How to construct a continuum, looking at the 8, we find that a is connected to f and b, f is connected to g, e, and so on.
Then use the array to save, you will find a problem, that is, b can go to c, and g can go to c. If it is suitable for direct search, we use a # to supplement this position, which means that this is a road that has no letters but can be passed.

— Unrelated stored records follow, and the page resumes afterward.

(* For each integer $n \ge 0$, define $D_{a,n} = \overline{D}(-\tfrac12 + 5\cdot 2^{2n+1}, 2^{-(2n+4)})$ and $D_{b,n} = \overline{D}(-\tfrac12 + 7\cdot 2^{2n+1}, 2^{-(2n+4)})$. Then every $z \in \mathbb{Q}_2$ lying in $D_{a,n}$ or $D_{b,n}$ for some $n \ge 0$ has a bounded forward orbit under $f_1(z) = 3z^3 - \tfrac92 z^2 + 1$.
   Context: Let $|\cdot|$ denote the $2$-adic absolute value on $\mathbb{C}_2$, normalized by $|2| = 1/2$. The notation $\overline{D}(a,\delta)$ denotes the closed disk $\{z \in \mathbb{C}_2 : |z-a| \le \delta\}$. Here $f_1$ is the member with $t=1$ of the family $f_t(z) = -\tfrac32 t(-2z^3+3z^2)+1$. *)

(* Q_2 is modelled via 2-adic Cauchy sequences of rationals. *)
From HB Require Import structures.
From mathcomp Require Import all_boot all_order all_algebra.
Set Implicit Arguments. Unset Strict Implicit. Unset Printing Implicit Defensive.
Import Order.TTheory GRing.Theory Num.Theory.
Local Open Scope ring_scope.

Definition abs2 (q : rat) : rat :=
  if q == 0 then 0
  else (2%:R ^+ logn 2 `|denq q|%N) / (2%:R ^+ logn 2 `|numq q|%N).

(* q is a Cauchy sequence for the 2-adic absolute value:
   such sequences represent the elements of Q_2 (the completion). *)
Definition cauchy2 (q : nat -> rat) : Prop :=
  forall e : rat, 0 < e -> exists N : nat, forall m n : nat,
    (N <= m)%N -> (N <= n)%N -> abs2 (q m - q n) < e.

(* For the element z of Q_2 represented by q and a rational radius r > 0:
   |z - c|_2 <= r  iff  eventually |q k - c|_2 <= r
   (|q k - c|_2 is eventually constant equal to |z - c|_2 when z <> c,
    and tends to 0 when z = c). *)
Definition in_cdisk2 (q : nat -> rat) (c r : rat) : Prop :=
  exists N : nat, forall k : nat, (N <= k)%N -> abs2 (q k - c) <= r.

Definition f_t (t z : rat) : rat :=
  - (3%:R / 2%:R) * t * (- 2%:R * z ^+ 3 + 3%:R * z ^+ 2) + 1.
Definition f1 (z : rat) : rat := f_t 1 z.

(* Since f1 is a polynomial, the sequence k |-> f1^[n] (q k) represents
   f1^[n](z) in Q_2.  The forward orbit of z is bounded iff there is B > 0
   with |f1^[n](z)|_2 <= B for all n. *)
Definition bounded_orbit2 (f : rat -> rat) (q : nat -> rat) : Prop :=
  exists B : rat, 0 < B /\ forall n : nat, exists N : nat, forall k : nat,
    (N <= k)%N -> abs2 (iter n f (q k)) <= B.

Definition center_a (n : nat) : rat := - (1 / 2%:R) + 5%:R * 2%:R ^+ (2 * n + 1).
Definition center_b (n : nat) : rat := - (1 / 2%:R) + 7%:R * 2%:R ^+ (2 * n + 1).
Definition radius (n : nat) : rat := (2%:R ^+ (2 * n + 4))^-1.

From mathcomp Require Import all_boot all_order all_algebra.
From mathcomp Require Import ring zify.
Import Order.TTheory GRing.Theory Num.Theory.
Local Open Scope ring_scope.

(* Write Z_(2) for the rationals with odd denominator and D(c, k) for the disk
   c + 2^k Z_(2).  Substituting z = -1/2 + y turns f1 into
   y |-> 27/4 y - 9 y^2 + 3 y^3, and since 27 * 5 = 7 and 27 * 7 = 5 modulo 8,
   f1 maps D_{a,n+1} into D_{b,n} and D_{b,n+1} into D_{a,n}.  The orbit then
   reaches D_{a,0} or D_{b,0}, which lie on the cycles
   D_{a,0} -> D(3, 2) -> D_{a,0} and D_{b,0} -> D(2, 2) -> D(7, 4) -> D_{a,0}.
   All points z of these disks satisfy 2 z \in Z_(2), hence |z|_2 <= 2; this
   holds for the rational approximants q k as soon as they enter the disk. *)

Definition Z2 (x : rat) : Prop := exists a c : int, x = a%:~R / (2 * c + 1)%:~R.

Lemma odd_intr_neq0 (c : int) : (2 * c + 1)%:~R != 0 :> rat.
Proof. by rewrite intr_eq0; apply/eqP; lia. Qed.

Lemma odd_ratr_neq0 (c : int) : 2 * c%:~R + 1 != 0 :> rat.
Proof. by have := odd_intr_neq0 c; rewrite rmorphD rmorphM. Qed.

Lemma int_parity (a : int) : exists e, a = 2 * e \/ a = 2 * e + 1.
Proof.
exists (a %/ 2)%Z; have := divz_eq a 2.
have := modz_ge0 a (isT : 2 != 0 :> int); have := ltz_pmod a (isT : 0 < 2 :> int).
lia.
Qed.

Lemma even_mul_add_odd (a c : int) : exists e, a * (a + (2 * c + 1)) = 2 * e.
Proof.
have [e [->|->]] := int_parity a.
- by exists (e * (2 * e + 2 * c + 1)); ring.
- by exists ((2 * e + 1) * (e + c + 1)); ring.
Qed.

Lemma Z2_nat (n : nat) : Z2 n%:R.
Proof. by exists n, 0; rewrite mulr0 add0r divr1. Qed.

Lemma Z2N x : Z2 x -> Z2 (- x).
Proof. by case=> a [c ->]; exists (- a), c; rewrite rmorphN mulNr. Qed.

Lemma Z2D x y : Z2 x -> Z2 y -> Z2 (x + y).
Proof.
case=> a [c ->] [b [d ->]].
exists (a * (2 * d + 1) + b * (2 * c + 1)), (2 * c * d + c + d).
rewrite addf_div ?odd_intr_neq0 // -!intrM -intrD.
by congr (_ / _%:~R); ring.
Qed.

Lemma Z2M x y : Z2 x -> Z2 y -> Z2 (x * y).
Proof.
case=> a [c ->] [b [d ->]].
exists (a * b), (2 * c * d + c + d).
rewrite mulf_div -!intrM.
by congr (_ / _%:~R); ring.
Qed.

Lemma Z2X x n : Z2 x -> Z2 (x ^+ n).
Proof. by move=> Zx; elim: n => [|n IH]; [exact: Z2_nat 1 | rewrite exprS; apply: Z2M]. Qed.

Lemma Z2_half_mulS x : Z2 x -> Z2 (x * (x + 1) / 2).
Proof.
case=> a [c ->]; have [e He] := even_mul_add_odd a c.
exists e, (2 * c ^+ 2 + 2 * c).
have -> : e%:~R = (a * (a + (2 * c + 1)))%:~R / 2 :> rat by rewrite He intrM; field.
rewrite (_ : 2 * (2 * c ^+ 2 + 2 * c) + 1 = (2 * c + 1) ^+ 2); last by ring.
rewrite rmorphXn /= intrM [(a + _)%:~R]intrD.
by field; exact: odd_ratr_neq0.
Qed.

(* Syntax-directed, so that unification never unfolds arithmetic on rat. *)
Ltac Z2_closure :=
  repeat match goal with
  | |- Z2 _ => assumption
  | |- Z2 1 => exact: Z2_nat 1
  | |- Z2 _%:R => exact: Z2_nat
  | |- Z2 (_ + _) => apply: Z2D
  | |- Z2 (- _) => apply: Z2N
  | |- Z2 (_ * (_ + 1) / 2) => apply: Z2_half_mulS
  | |- Z2 (_ * _) => apply: Z2M
  | |- Z2 (_ ^+ _) => apply: Z2X
  end.

Lemma dvdn2_numq_denq (x : rat) : ~~ ((2 %| `|numq x|) && (2 %| `|denq x|))%N.
Proof.
apply/andP => -[dvd2_num dvd2_den].
have /eqP gcd1 := coprime_num_den x.
have : (2 %| gcdn `|numq x| `|denq x|)%N by rewrite dvdn_gcd dvd2_num dvd2_den.
by rewrite gcd1.
Qed.

Lemma Z2_of_abs2_le (x : rat) (v : nat) : abs2 x <= (2 ^+ v)^-1 ->
  exists2 u, Z2 u & x = 2 ^+ v * u.
Proof.
have [->|x0] := eqVneq x 0; first by exists 0; rewrite ?mulr0 //; exact: Z2_nat 0.
rewrite /abs2 (negPf x0) -!natrX.
set ld := logn 2 `|denq x|; set ln := logn 2 `|numq x|.
move=> le_x.
have le_ld_ln : (ld + v <= ln)%N.
  rewrite -(leq_exp2l _ _ (isT : (1 < 2)%N)) expnD -(ler_nat rat) natrM.
  by rewrite ler_pdivrMr ?ltr0n ?expn_gt0 // mulrC ler_pdivlMr ?ltr0n ?expn_gt0 // in le_x.
have num_gt0 : (0 < `|numq x|)%N by rewrite absz_gt0 numq_eq0.
have den_gt0 : (0 < `|denq x|)%N by rewrite absz_gt0 denq_eq0.
have den_odd : odd `|denq x|.
  rewrite -[odd _]negbK -dvdn2; apply/negP => dvd2_den.
  have : (0 < ln)%N.
    apply: leq_trans le_ld_ln.
    by rewrite addn_gt0 logn_gt0 mem_primes dvd2_den den_gt0.
  rewrite logn_gt0 mem_primes => /and3P [_ _ dvd2_num].
  by have := dvdn2_numq_denq x; rewrite dvd2_num dvd2_den.
have [m num_m] : exists m, numq x = m * 2 ^+ v.
  apply/dvdzP; rewrite dvdzE abszX pfactor_dvdn //.
  exact: leq_trans (leq_addl ld v) le_ld_ln.
exists (m%:~R / (denq x)%:~R).
  exists m, (`|denq x|./2)%:Z; congr (_ / _%:~R).
  have := odd_double_half `|denq x|; have := denq_gt0 x.
  by rewrite den_odd -muln2; move: (`|denq x|./2) => h; lia.
by rewrite -[x in LHS]divq_num_den num_m intrM rmorphXn natrX; ring.
Qed.

Lemma logn2_denq_le1 (x : rat) : Z2 (2 * x) -> (logn 2 `|denq x| <= 1)%N.
Proof.
case=> r [c def2x]; rewrite leqNgt; apply/negP => ld_gt1.
have x_def : x = r%:~R / (2 * (2 * c + 1))%:~R.
  by rewrite intrM invfM mulrCA -def2x mulKf.
have den_gt0 : (0 < `|denq x|)%N by rewrite absz_gt0 denq_eq0.
have dvd4_den : (2 ^ 2 %| `|denq x|)%N by rewrite pfactor_dvdn.
have cross : numq x * (2 * (2 * c + 1)) = r * denq x.
  apply: (@intr_inj rat); rewrite !intrM numqE x_def; field.
  exact: odd_ratr_neq0.
have [t den_t] : exists t, denq x = t * 4 by apply/dvdzP; rewrite dvdzE.
have [u num_u] : exists u, numq x = 2 * u + 1.
  have [e [num_e|num_e]] := int_parity (numq x); last by exists e.
  have := dvdn2_numq_denq x.
  by rewrite num_e abszM dvdn_mulr // (dvdn_trans _ dvd4_den).
(* the left side of [cross] is 2 modulo 4, the right side 0 *)
by move: cross; rewrite num_u den_t; lia.
Qed.

Lemma abs2_le2 (x : rat) : Z2 (2 * x) -> abs2 x <= 2.
Proof.
move=> /logn2_denq_le1 ld_le1.
have [->|x0] := eqVneq x 0; first by rewrite /abs2 eqxx ler0n.
rewrite /abs2 (negPf x0) -!natrX ler_pdivrMr ?ltr0n ?expn_gt0 // -natrM ler_nat.
by rewrite (leq_trans (leq_pexp2l _ ld_le1)) // leq_pmulr ?expn_gt0.
Qed.

Definition disk2 (c : rat) (k : nat) (z : rat) : Prop :=
  exists2 u, Z2 u & z = c + 2 ^+ k * u.

Lemma disk2_of_abs2_le (z c : rat) (v : nat) :
  abs2 (z - c) <= (2 ^+ v)^-1 -> disk2 c v z.
Proof. by move/Z2_of_abs2_le => [u Zu zc]; exists u; rewrite // -zc addrC subrK. Qed.

Lemma Z2_double_disk2 (c z : rat) (k : nat) : Z2 (2 * c) -> disk2 c k z -> Z2 (2 * z).
Proof. by move=> Zc [u Zu ->]; rewrite mulrDr mulrA; Z2_closure. Qed.

Definition center (s : rat) (n : nat) : rat := - (1 / 2%:R) + s * 2%:R ^+ (2 * n + 1).

Lemma Z2_double_center (s : rat) (n : nat) : Z2 s -> Z2 (2 * center s n).
Proof.
move=> Zs; rewrite /center mulrDr mulrN mul1r mulfV ?pnatr_eq0 // mulrA.
by Z2_closure.
Qed.

Lemma f1_center_descend (s t : rat) (n : nat) (z : rat) :
  Z2 s -> Z2 ((27 * s - t) / 8) ->
  disk2 (center s n.+1) (2 * n.+1 + 4) z -> disk2 (center t n) (2 * n + 4) (f1 z).
Proof.
move=> Zs Zst [u Zu ->]; set p : rat := 2 ^+ (2 * n); set w := s + 8 * u.
exists ((27 * s - t) / 8 + 27 * u - 36 * p * w ^+ 2 + 96 * p ^+ 2 * w ^+ 3).
  by rewrite /w /p; Z2_closure.
have pow2 k m : (m = 2 * n + k)%N -> (2 : rat) ^+ m = 2 ^+ k * p.
  by move=> ->; rewrite exprD mulrC.
rewrite /center (pow2 3 (2 * n.+1 + 1)) ?(pow2 6 (2 * n.+1 + 4)) ?(pow2 1 (2 * n + 1))
  ?(pow2 4 (2 * n + 4)); try lia.
by rewrite /w /f1 /f_t; field.
Qed.

Lemma f1_center_a0 (z : rat) : disk2 (center_a 0) 4 z -> disk2 3 2 (f1 z).
Proof.
move=> [u Zu ->]; set w := 5 + 8 * u.
exists (16 + 27 * u - 9 * w ^+ 2 + 6 * w ^+ 3); first by rewrite /w; Z2_closure.
by rewrite /w /center_a /f1 /f_t; field.
Qed.

Lemma f1_center_b0 (z : rat) : disk2 (center_b 0) 4 z -> disk2 2 2 (f1 z).
Proof.
move=> [u Zu ->]; set w := 7 + 8 * u.
exists (23 + 27 * u - 9 * w ^+ 2 + 6 * w ^+ 3); first by rewrite /w; Z2_closure.
by rewrite /w /center_b /f1 /f_t; field.
Qed.

(* In this and the next step, the 2-adic integrality of the witness rests on
   u (u + 1) being even. *)
Lemma f1_disk_3_2 (z : rat) : disk2 3 2 z -> disk2 (center_a 0) 4 (f1 z).
Proof.
move=> [u Zu ->].
exists (2 - 9 * u + 45 * (u * (u + 1) / 2) + 12 * u ^+ 3); first by Z2_closure.
by rewrite /center_a /f1 /f_t; field.
Qed.

Lemma f1_disk_2_2 (z : rat) : disk2 2 2 z -> disk2 7 4 (f1 z).
Proof.
move=> [u Zu ->].
exists (- 9 * u + 27 * (u * (u + 1) / 2) + 12 * u ^+ 3); first by Z2_closure.
by rewrite /f1 /f_t; field.
Qed.

Lemma f1_disk_7_4 (z : rat) : disk2 7 4 z -> disk2 (center_a 0) 4 (f1 z).
Proof.
move=> [u Zu ->].
exists (50 + 378 * u + 936 * u ^+ 2 + 768 * u ^+ 3); first by Z2_closure.
by rewrite /center_a /f1 /f_t; field.
Qed.

Definition f1_trap (z : rat) : Prop :=
  (exists n, disk2 (center_a n) (2 * n + 4) z \/ disk2 (center_b n) (2 * n + 4) z)
  \/ disk2 3 2 z \/ disk2 2 2 z \/ disk2 7 4 z.

Lemma f1_trap_stable (z : rat) : f1_trap z -> f1_trap (f1 z).
Proof.
have Z2_16 : Z2 ((27 * 5 - 7) / 8) by rewrite (_ : _ / _ = 16%:R); [exact: Z2_nat | field].
have Z2_23 : Z2 ((27 * 7 - 5) / 8) by rewrite (_ : _ / _ = 23%:R); [exact: Z2_nat | field].
case=> [[[|n] [Dz|Dz]]|[Dz|[Dz|Dz]]].
- by right; left; exact: f1_center_a0.
- by right; right; left; exact: f1_center_b0.
- by left; exists n; right; exact: (f1_center_descend _ _ _ _ (Z2_nat 5) Z2_16).
- by left; exists n; left; exact: (f1_center_descend _ _ _ _ (Z2_nat 7) Z2_23).
- by left; exists 0%N; left; exact: f1_disk_3_2.
- by right; right; right; exact: f1_disk_2_2.
- by left; exists 0%N; left; exact: f1_disk_7_4.
Qed.

Lemma f1_trap_iter (n : nat) (z : rat) : f1_trap z -> f1_trap (iter n f1 z).
Proof. by move=> Tz; elim: n => //= n; apply: f1_trap_stable. Qed.

Lemma abs2_f1_trap (z : rat) : f1_trap z -> abs2 z <= 2.
Proof.
move=> Tz; apply: abs2_le2.
case: Tz => [[n [Dz|Dz]]|[Dz|[Dz|Dz]]]; apply: Z2_double_disk2 Dz;
  try exact: Z2_double_center (Z2_nat _); by Z2_closure.
Qed.

Theorem mainTheorem9 :
  forall q : nat -> rat, cauchy2 q ->
  (exists n : nat,
     in_cdisk2 q (center_a n) (radius n) \/ in_cdisk2 q (center_b n) (radius n)) ->
  bounded_orbit2 f1 q.
Proof.
move=> q _ [n Dq].
have [N trap_q] : exists N, forall k, (N <= k)%N -> f1_trap (q k).
  by case: Dq => -[N DN]; exists N => k /DN /disk2_of_abs2_le Dk; left; exists n;
    [left | right].
exists 2; split => // m; exists N => k /trap_q.
by move/(f1_trap_iter m); exact: abs2_f1_trap.
Qed.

When searching for elements, you can judge #, and then splice.
The rest is nothing, enumerate each position, then search, sort first, and then use set to duplicate it.
#include<bits/stdc++.h>
using namespace std;
char str[8][8]={
{
'a','b','#'},{
'f','g','c'},{
'#','e','d'}
};
int dir[4][2]={
{
-1,0},{
0,-1},{
1,0},{
0,1}
};
int vis[8][8];
set<string> se;
string qsort(string s){
char p[10];
memset(p,'#',sizeof(p));
int n=0;
int len=s.size();
for(int i=0;i<len;i++){
if(s[i]!='#'){
p[n++]=s[i];
}
}
sort(p,p+n);
string qq;
for(int i=0;i<n;i++){
qq+=p[i];
}
return qq;
}
bool judge(int x,int y){
if(x>=0&&y>=0&&x<3&&y<3&&!vis[x][y]) return 1;
return 0;
}
void dfs(int x,int y,string t){
vis[x][y]=1;
for(int i=0;i<4;i++){
int xx=x+dir[i][0];
int yy=y+dir[i][1];
if(judge(xx,yy)){
string tem=qsort(t+str[xx][yy]);
se.insert(tem);
vis[xx][yy]=1;
dfs(xx,yy,tem);
vis[xx][yy]=0;
}
}
return ;
}
int main(){
for(int i=0;i<3;i++){
for(int j=0;j<3;j++){
if(str[i][j]!='#'){
string s;
s+=str[i][j];
string q=qsort(s);
se.insert(q);
memset(vis,0,sizeof(vis));
dfs(i,j,q);
}
}
}
cout<<se.size();
return 0;
}
Answer:
(1) 624
(2) 2481215
(3) 761
(4) 8879
(5) 80
Supplement after the program questions.